** Data supplied follows **

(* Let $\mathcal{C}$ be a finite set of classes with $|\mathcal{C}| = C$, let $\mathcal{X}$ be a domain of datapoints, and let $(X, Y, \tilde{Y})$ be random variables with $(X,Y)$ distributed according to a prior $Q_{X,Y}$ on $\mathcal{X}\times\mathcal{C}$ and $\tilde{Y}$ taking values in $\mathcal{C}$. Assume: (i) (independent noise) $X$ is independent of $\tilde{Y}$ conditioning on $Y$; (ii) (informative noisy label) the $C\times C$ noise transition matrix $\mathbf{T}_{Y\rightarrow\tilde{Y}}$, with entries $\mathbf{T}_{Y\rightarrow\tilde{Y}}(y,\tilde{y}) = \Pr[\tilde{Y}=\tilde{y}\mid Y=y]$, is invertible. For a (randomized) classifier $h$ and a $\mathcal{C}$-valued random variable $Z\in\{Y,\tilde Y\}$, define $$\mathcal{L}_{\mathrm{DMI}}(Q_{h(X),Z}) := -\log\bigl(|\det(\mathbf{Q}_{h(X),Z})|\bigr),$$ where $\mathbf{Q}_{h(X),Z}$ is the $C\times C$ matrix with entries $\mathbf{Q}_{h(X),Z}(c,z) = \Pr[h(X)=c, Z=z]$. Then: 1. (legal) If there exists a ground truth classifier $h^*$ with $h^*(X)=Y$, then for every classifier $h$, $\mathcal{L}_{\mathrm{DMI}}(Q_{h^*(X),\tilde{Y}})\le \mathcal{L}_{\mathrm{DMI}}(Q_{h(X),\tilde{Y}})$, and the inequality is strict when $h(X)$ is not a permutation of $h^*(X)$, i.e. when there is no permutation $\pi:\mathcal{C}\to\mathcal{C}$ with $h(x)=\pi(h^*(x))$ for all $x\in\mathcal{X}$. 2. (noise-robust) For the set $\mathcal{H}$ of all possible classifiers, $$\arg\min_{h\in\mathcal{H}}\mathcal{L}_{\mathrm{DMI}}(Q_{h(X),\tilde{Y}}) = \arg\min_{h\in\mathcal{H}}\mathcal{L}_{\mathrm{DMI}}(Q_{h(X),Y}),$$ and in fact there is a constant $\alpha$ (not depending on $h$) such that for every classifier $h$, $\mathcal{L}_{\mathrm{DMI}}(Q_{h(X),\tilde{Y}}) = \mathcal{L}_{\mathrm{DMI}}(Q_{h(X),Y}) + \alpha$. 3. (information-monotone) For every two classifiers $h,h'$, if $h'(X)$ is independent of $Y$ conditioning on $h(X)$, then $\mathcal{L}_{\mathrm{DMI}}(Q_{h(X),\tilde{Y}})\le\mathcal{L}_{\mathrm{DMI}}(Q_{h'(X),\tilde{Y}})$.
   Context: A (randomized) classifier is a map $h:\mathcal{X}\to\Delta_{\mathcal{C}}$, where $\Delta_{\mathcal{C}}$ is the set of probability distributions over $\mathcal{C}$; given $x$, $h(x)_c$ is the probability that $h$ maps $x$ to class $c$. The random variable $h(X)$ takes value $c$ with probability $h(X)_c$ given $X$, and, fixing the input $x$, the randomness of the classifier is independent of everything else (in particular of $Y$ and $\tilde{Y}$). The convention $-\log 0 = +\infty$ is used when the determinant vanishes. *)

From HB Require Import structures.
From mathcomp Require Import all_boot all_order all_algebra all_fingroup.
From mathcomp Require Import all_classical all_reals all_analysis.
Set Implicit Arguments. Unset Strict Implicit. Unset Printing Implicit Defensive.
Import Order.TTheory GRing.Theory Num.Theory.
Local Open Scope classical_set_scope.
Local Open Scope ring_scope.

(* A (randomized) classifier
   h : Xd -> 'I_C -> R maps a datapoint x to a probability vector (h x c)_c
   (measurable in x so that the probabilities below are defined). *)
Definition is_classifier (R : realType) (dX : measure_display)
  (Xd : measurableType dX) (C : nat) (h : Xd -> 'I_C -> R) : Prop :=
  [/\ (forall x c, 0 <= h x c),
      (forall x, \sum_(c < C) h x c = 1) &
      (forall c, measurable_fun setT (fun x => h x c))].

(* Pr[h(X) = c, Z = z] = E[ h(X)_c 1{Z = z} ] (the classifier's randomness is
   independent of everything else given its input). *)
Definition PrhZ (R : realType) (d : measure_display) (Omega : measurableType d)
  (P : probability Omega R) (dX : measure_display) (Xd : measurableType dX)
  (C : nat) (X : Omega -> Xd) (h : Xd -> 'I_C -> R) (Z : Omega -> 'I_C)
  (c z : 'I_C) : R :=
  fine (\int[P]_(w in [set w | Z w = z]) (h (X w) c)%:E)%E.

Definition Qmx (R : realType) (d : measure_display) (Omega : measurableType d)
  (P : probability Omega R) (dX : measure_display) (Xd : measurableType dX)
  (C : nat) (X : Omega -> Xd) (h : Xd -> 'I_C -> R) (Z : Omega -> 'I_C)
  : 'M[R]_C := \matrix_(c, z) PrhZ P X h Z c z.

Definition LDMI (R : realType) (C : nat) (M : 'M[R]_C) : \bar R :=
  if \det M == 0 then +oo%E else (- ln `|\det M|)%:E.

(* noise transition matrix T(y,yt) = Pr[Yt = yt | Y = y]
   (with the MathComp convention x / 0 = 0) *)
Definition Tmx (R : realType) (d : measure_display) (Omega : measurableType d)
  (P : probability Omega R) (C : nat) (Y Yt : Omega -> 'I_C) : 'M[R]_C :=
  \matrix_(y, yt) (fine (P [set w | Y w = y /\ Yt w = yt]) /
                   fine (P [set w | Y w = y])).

** End of Data supplied **

- **What this task involves**:
Copy the records above exactly, starting at the line that contains "independent of everything else given" and ending at the last line, and leave out all earlier lines.

- **Task output**:
   independent of everything else given its input). *)
Definition PrhZ (R : realType) (d : measure_display) (Omega : measurableType d)
  (P : probability Omega R) (dX : measure_display) (Xd : measurableType dX)
  (C : nat) (X : Omega -> Xd) (h : Xd -> 'I_C -> R) (Z : Omega -> 'I_C)
  (c z : 'I_C) : R :=
  fine (\int[P]_(w in [set w | Z w = z]) (h (X w) c)%:E)%E.

Definition Qmx (R : realType) (d : measure_display) (Omega : measurableType d)
  (P : probability Omega R) (dX : measure_display) (Xd : measurableType dX)
  (C : nat) (X : Omega -> Xd) (h : Xd -> 'I_C -> R) (Z : Omega -> 'I_C)
  : 'M[R]_C := \matrix_(c, z) PrhZ P X h Z c z.

Definition LDMI (R : realType) (C : nat) (M : 'M[R]_C) : \bar R :=
  if \det M == 0 then +oo%E else (- ln `|\det M|)%:E.

(* noise transition matrix T(y,yt) = Pr[Yt = yt | Y = y]
   (with the MathComp convention x / 0 = 0) *)
Definition Tmx (R : realType) (d : measure_display) (Omega : measurableType d)
  (P : probability Omega R) (C : nat) (Y Yt : Omega -> 'I_C) : 'M[R]_C :=
  \matrix_(y, yt) (fine (P [set w | Y w = y /\ Yt w = yt]) /
                   fine (P [set w | Y w = y])).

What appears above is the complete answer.